Oregon’s Low Emission Vehicle rules are cost effective
Rules setting standards for reduced emissions will increase the average cost of new cars and trucks. However, savings from the reduced operating expenses of more efficient vehicles will more than offset any increased up-front costs. New car and truck owners can expect “off-the-lot” savings—savings that begin the first month of ownership. In addition, because Oregon has no petroleum producing industry, dollars spent on fuel quickly leave the state. Dollars saved on fuel will circulate within the state for a longer period and will help multiply the overall benefits to Oregon’s economy.
Oregon’s rules reinforce federal requirements
The requirements of the California and national programs are closely related because they were produced by the same rule negotiation between auto manufacturers with state and federal regulators. Oregon’s adoption of the Low Emission Vehicle III regulations is important because it ensures the greenhouse gas emission limits will remain in force even if efforts to weaken or repeal the federal rules succeed.
An important part of Oregon’s greenhouse gas reduction goals
The Low Emission Vehicle program was one of the first significant actions taken toward Oregon’s goal of reducing greenhouse gas emissions 75 percent by 2050. When the program is fully implemented by 2025, the fleet average greenhouse gas emissions of new light vehicles will be 51 percent lower than the average emissions in 2008, before the program began.

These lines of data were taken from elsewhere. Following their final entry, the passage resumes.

Lemma sum_normalized_powR x : 0 < lpnorm p x ->
  \sum_(i < k) (`|x i| / lpnorm p x) `^ p = 1.
Proof.
move=> x_gt0; have := lpnormZ (lpnorm p x)^-1 x.
rewrite gtr0_norm ?invr_gt0 // mulVf ?gt_eqF // => /(congr1 (fun t => t `^ p)).
rewrite lpnorm_powR powR1 => <-.
by apply: eq_bigr => i _; rewrite normrM gtr0_norm ?invr_gt0 // mulrC.
Qed.

(* Minkowski's inequality, from the convexity of [t |-> t `^ p] applied to
   [|x i| / |x|_p] and [|y i| / |y|_p] with weights [|x|_p / (|x|_p + |y|_p)]. *)
Lemma lpnormD x y : lpnorm p (fun i => x i + y i) <= lpnorm p x + lpnorm p y.
Proof.
have [x0|x_neq0] := eqVneq (lpnorm p x) 0.
  by rewrite x0 (lpnorm_eq0 x0) add0r; apply: lpnorm_le => i; rewrite add0r.
have [y0|y_neq0] := eqVneq (lpnorm p y) 0.
  by rewrite y0 (lpnorm_eq0 y0) addr0; apply: lpnorm_le => i; rewrite addr0.
have A_gt0 : 0 < lpnorm p x by rewrite lt0r x_neq0 lpnorm_ge0.
have B_gt0 : 0 < lpnorm p y by rewrite lt0r y_neq0 lpnorm_ge0.
have Sx := sum_normalized_powR A_gt0; have Sy := sum_normalized_powR B_gt0.
move: (lpnorm p x) (lpnorm p y) A_gt0 B_gt0 Sx Sy => A B A_gt0 B_gt0 Sx Sy.
set l := A / (A + B).
have l0 : 0 <= l by rewrite divr_ge0 // ltW // addr_gt0.
have l1 : l <= 1 by rewrite ler_pdivrMr ?addr_gt0 // mul1r lerDl ltW.
have AB0 : 0 <= A + B by rewrite addr_ge0 // ltW.
apply: lpnorm_le_powR => //.
apply: (@le_trans _ _ (\sum_(i < k) (A + B) `^ p *
    (l * (`|x i| / A) `^ p + (1 - l) * (`|y i| / B) `^ p))); last first.
  by rewrite -mulr_sumr big_split -!mulr_sumr /= Sx Sy !mulr1 subrKC mulr1.
apply: ler_sum => i _; apply: (@le_trans _ _ ((`|x i| + `|y i|) `^ p)).
  by apply: ge0_ler_powR; rewrite ?nnegrE ?addr_ge0 ?ler_normD // ltW.
have -> : `|x i| + `|y i| = (A + B) * (l * (`|x i| / A) + (1 - l) * (`|y i| / B)).
  by rewrite /l; field; rewrite !gt_eqF ?addr_gt0.
have xA : 0 <= `|x i| / A by rewrite divr_ge0 // ltW.
have yB : 0 <= `|y i| / B by rewrite divr_ge0 // ltW.
have conv0 : 0 <= l * (`|x i| / A) + (1 - l) * (`|y i| / B).
  by rewrite addr_ge0 // mulr_ge0 // subr_ge0.
rewrite powRM // ler_wpM2l ?powR_ge0 //.
have := @convex_powR R p p_ge1 (Itv01 l0 l1) (`|x i| / A) (`|y i| / B).
by rewrite !inE /= !in_itv /= !andbT => /(_ xA yB); rewrite !convRE.
Qed.

Lemma lpnormB x y : lpnorm p (fun i => x i - y i) <= lpnorm p x + lpnorm p y.
Proof.
apply: le_trans (lpnormD x (fun i => - y i)) _.
by rewrite lerD2l; apply: lpnorm_le => i; rewrite normrN.
Qed.

Definition restr (P : pred 'I_k) x : 'I_k -> R := fun i => if P i then x i else 0.

Lemma lpnorm_restr_le P x : lpnorm p (restr P x) <= lpnorm p x.
Proof. by apply: lpnorm_le => i; rewrite /restr; case: (P i); rewrite ?normr0. Qed.

Lemma lpnorm_restr_le_powR P x c : 0 <= c ->
  \sum_(i < k | P i) `|x i| `^ p <= c `^ p -> lpnorm p (restr P x) <= c.
Proof.
move=> c0 le_xc; apply: lpnorm_le_powR => //; apply: le_trans le_xc.
rewrite [leRHS]big_mkcond; apply: ler_sum => i _.
by rewrite /restr; case: (P i); rewrite // normr0 powR0.
Qed.

Lemma lpnorm_restr_cover (P Q1 Q2 : pred 'I_k) x :
  (forall i, P i -> Q1 i || Q2 i) ->
  lpnorm p (restr P x) <= lpnorm p (restr Q1 x) + lpnorm p (restr Q2 x).
Proof.
move=> PQ; apply: le_trans (lpnormD _ _); apply: lpnorm_le => i; rewrite /restr.
case: (boolP (P i)) => [/PQ|_]; last by rewrite normr0.
by case: (Q1 i) (Q2 i) => [] [] // _; rewrite ?addr0 ?add0r // -mulr2n normrMn mulr2n lerDl.
Qed.

(* Off [P], x and y are c and c' times the same indicator vector, of norm N,
   and 1 - |restr P x|_p <= c N <= 1, 1 - |restr P y|_p <= c' N <= 1. *)
Lemma lpnorm_sub_le_restr (P : pred 'I_k) x y c c' :
  lpnorm p x = 1 -> lpnorm p y = 1 -> 0 <= c -> 0 <= c' ->
  (forall i, ~~ P i -> x i = c) -> (forall i, ~~ P i -> y i = c') ->
  lpnorm p (fun i => x i - y i) <= 2 * (lpnorm p (restr P x) + lpnorm p (restr P y)).
Proof.
move=> x1 y1 c0 c'0 x_off y_off.
set N := lpnorm p (restr (predC P) (fun=> 1)).
have N0 : 0 <= N := lpnorm_ge0 _.
have restr_cst z b : (forall i, ~~ P i -> z i = b) -> lpnorm p (restr (predC P) z) = `|b| * N.
  move=> z_off; rewrite /N -lpnormZ; congr lpnorm; apply/funext => i; rewrite /restr.
  by case: (boolP (predC P i)) => [/z_off ->|_]; rewrite ?mulr1 ?mulr0.
have split z : lpnorm p z <= lpnorm p (restr P z) + lpnorm p (restr (predC P) z).
  by apply: (lpnorm_restr_cover (P := predT)) => i _; rewrite /= orbN.
have restrB : lpnorm p (restr P (fun i => x i - y i)) <=
    lpnorm p (restr P x) + lpnorm p (restr P y).
  apply: le_trans (lpnormB _ _); apply: lpnorm_le => i; rewrite /restr.
  by case: (P i); rewrite ?subr0.
have xN : c * N <= 1.
  by rewrite -x1 -(ger0_norm c0) -(restr_cst _ _ x_off); exact: lpnorm_restr_le.
have yN : c' * N <= 1.
  by rewrite -y1 -(ger0_norm c'0) -(restr_cst _ _ y_off); exact: lpnorm_restr_le.
have xH : 1 <= lpnorm p (restr P x) + c * N.
  by rewrite -{1}x1 -(ger0_norm c0) -(restr_cst _ _ x_off); exact: split.
have yH : 1 <= lpnorm p (restr P y) + c' * N.
  by rewrite -{1}y1 -(ger0_norm c'0) -(restr_cst _ _ y_off); exact: split.
apply: le_trans (split _) _.
rewrite (restr_cst _ (c - c')) => [|i Pi]; last by rewrite x_off ?y_off.
rewrite -{1}(ger0_norm N0) -normrM mulrBl.
move: (c * N) (c' * N) xN yN xH yH => cN c'N xN yN xH yH.
move: restrB xH yH; move: (lpnorm p (restr _ x)) (lpnorm p (restr _ y)) => Hx Hy.
move: (lpnorm p _) => Hxy restrB xH yH; clear -restrB xN yN xH yH.
have : `|cN - c'N| <= Hx + Hy by rewrite ler_norml; apply/andP; split; lra.
lra.
Qed.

The Low Emission Vehicle program was one of the first significant actions taken toward Oregon's goal of reducing greenhouse gas emissions 75 percent by 2050. When the program is fully implemented by 2025, the fleet average greenhouse gas emissions of new light vehicles will be 51 percent lower than the average emissions in 2008, before the program began.
Federal Tier 3 rules
In March 2014, EPA finalized federal regulations that mirror Low Emission Vehicle III emission limits for traditional tailpipe pollutants that Oregon previously adopted. However, EPA’s “Tier 3” rules provide an important benefit to Oregon by reducing the amount of sulfur in gasoline to 10 parts per million. That limit is needed for catalytic converters to operate most efficiently and for vehicles to meet their designed requirements.